[About this task]
Every line of the data that includes "Notation" should be copied out.

[Supplied data]
-- Opening Marker --

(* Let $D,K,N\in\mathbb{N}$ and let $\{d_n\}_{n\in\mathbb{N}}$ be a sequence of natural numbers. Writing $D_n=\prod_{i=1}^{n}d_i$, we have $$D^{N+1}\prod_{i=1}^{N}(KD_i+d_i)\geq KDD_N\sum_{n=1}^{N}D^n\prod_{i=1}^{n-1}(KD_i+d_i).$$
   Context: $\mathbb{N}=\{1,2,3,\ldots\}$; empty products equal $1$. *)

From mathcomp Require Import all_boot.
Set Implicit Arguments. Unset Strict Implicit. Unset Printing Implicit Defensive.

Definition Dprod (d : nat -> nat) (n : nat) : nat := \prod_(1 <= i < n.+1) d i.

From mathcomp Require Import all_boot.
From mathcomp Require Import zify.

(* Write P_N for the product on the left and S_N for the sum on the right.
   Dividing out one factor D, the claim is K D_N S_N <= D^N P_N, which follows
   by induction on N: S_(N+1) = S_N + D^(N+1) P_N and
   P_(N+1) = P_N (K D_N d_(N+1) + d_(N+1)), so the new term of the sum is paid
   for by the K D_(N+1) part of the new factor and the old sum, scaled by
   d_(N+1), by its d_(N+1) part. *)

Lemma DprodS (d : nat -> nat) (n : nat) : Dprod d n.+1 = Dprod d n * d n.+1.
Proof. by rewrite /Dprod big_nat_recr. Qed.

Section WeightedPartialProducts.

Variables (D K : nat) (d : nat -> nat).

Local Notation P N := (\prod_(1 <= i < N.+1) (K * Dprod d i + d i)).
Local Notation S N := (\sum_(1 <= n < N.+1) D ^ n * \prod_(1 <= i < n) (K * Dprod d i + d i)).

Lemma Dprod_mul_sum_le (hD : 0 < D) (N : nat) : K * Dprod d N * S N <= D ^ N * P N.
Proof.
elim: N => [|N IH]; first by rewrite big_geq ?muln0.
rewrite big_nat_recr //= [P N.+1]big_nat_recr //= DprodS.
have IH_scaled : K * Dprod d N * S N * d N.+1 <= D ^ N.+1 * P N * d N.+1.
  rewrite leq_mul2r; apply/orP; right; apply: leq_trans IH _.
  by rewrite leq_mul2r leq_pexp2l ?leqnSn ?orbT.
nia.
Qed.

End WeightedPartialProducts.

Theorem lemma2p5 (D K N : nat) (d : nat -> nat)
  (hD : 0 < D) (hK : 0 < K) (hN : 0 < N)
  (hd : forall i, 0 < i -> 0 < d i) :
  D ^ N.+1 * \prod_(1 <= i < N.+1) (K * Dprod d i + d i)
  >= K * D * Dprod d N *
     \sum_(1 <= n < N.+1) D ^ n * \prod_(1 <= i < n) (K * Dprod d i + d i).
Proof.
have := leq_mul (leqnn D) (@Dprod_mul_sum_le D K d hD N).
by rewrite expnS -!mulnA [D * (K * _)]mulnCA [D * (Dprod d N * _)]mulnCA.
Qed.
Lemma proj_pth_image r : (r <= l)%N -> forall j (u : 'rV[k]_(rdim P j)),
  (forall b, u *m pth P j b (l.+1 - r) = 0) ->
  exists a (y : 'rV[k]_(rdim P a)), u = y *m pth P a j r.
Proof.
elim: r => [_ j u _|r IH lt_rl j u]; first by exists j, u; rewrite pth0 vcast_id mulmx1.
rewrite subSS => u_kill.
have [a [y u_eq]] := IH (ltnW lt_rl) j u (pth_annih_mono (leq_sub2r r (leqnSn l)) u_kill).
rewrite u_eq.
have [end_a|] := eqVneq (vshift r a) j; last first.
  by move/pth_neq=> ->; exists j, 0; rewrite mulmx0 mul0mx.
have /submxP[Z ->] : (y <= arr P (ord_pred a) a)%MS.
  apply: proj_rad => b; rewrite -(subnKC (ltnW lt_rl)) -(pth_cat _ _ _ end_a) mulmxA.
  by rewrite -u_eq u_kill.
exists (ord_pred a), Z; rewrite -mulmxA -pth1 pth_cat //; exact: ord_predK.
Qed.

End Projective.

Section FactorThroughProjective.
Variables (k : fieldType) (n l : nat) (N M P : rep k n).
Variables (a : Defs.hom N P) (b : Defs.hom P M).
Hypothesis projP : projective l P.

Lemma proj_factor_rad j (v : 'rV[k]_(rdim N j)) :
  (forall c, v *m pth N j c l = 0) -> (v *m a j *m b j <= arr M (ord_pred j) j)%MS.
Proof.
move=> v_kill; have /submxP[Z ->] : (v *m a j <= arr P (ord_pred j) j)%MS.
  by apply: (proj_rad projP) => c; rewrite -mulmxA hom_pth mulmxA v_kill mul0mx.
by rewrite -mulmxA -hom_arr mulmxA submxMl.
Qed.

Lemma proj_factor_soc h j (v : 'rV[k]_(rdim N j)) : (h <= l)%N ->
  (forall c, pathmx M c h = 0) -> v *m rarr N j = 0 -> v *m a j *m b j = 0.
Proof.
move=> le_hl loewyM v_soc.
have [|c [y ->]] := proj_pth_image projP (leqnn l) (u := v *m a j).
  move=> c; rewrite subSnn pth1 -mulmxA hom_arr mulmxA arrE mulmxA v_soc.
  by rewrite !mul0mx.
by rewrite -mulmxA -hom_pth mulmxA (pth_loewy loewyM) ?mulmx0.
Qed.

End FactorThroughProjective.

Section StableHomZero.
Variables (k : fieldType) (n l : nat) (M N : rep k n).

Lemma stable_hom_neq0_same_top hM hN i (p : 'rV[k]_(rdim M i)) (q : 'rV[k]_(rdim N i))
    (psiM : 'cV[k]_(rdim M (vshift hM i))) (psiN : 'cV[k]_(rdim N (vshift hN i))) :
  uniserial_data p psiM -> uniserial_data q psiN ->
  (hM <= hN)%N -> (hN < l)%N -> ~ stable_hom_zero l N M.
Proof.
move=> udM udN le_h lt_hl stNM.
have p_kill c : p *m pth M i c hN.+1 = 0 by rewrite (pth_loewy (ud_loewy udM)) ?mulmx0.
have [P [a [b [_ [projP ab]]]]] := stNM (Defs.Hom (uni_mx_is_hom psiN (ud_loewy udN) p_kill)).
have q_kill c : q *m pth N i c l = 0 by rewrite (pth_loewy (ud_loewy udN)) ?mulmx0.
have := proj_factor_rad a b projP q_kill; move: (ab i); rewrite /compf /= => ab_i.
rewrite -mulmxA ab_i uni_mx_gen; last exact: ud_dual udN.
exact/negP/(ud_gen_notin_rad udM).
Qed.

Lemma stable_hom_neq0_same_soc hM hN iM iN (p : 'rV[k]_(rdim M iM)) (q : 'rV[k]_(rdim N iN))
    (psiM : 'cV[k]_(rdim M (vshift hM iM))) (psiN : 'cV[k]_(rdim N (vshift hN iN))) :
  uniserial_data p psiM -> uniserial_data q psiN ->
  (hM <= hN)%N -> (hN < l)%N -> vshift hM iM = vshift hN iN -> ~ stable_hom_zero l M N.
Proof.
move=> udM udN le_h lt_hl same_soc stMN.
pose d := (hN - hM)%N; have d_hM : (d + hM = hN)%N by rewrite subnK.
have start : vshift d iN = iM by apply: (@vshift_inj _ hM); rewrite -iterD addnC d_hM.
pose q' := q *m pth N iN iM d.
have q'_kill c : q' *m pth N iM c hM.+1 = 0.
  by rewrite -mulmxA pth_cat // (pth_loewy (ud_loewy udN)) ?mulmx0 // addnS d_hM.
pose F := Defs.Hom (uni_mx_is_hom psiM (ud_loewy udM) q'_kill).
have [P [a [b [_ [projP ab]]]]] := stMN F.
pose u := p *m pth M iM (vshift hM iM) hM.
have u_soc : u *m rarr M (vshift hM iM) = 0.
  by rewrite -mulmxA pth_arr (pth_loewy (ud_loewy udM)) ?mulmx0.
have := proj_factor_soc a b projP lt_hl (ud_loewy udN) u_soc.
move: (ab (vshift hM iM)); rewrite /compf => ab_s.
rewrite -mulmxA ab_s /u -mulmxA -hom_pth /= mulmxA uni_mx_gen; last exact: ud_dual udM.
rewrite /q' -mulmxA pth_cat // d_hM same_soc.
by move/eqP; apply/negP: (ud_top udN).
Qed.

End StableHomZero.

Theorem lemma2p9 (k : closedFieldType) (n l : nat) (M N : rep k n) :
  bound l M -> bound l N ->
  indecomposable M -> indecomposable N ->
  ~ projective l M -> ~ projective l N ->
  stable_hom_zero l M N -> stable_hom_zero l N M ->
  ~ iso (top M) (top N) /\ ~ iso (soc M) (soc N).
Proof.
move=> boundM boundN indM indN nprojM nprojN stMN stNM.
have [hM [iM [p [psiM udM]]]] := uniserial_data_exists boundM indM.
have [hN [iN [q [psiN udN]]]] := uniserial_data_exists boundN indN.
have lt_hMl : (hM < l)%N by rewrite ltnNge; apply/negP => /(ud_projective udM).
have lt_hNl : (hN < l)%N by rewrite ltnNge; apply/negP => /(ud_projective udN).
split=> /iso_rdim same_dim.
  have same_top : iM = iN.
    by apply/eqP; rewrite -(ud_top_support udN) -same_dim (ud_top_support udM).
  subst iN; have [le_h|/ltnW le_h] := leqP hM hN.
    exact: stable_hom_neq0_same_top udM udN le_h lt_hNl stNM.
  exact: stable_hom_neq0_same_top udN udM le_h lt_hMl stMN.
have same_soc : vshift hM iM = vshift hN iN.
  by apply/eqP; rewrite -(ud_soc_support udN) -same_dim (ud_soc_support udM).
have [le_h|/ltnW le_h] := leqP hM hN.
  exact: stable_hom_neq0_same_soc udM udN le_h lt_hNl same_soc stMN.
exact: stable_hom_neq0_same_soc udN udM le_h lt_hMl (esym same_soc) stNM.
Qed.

-- Closing Marker --

[Exercise output]
Local Notation P N := (\prod_(1 <= i < N.+1) (K * Dprod d i + d i)).
Local Notation S N := (\sum_(1 <= n < N.+1) D ^ n * \prod_(1 <= i < n) (K * Dprod d i + d i)).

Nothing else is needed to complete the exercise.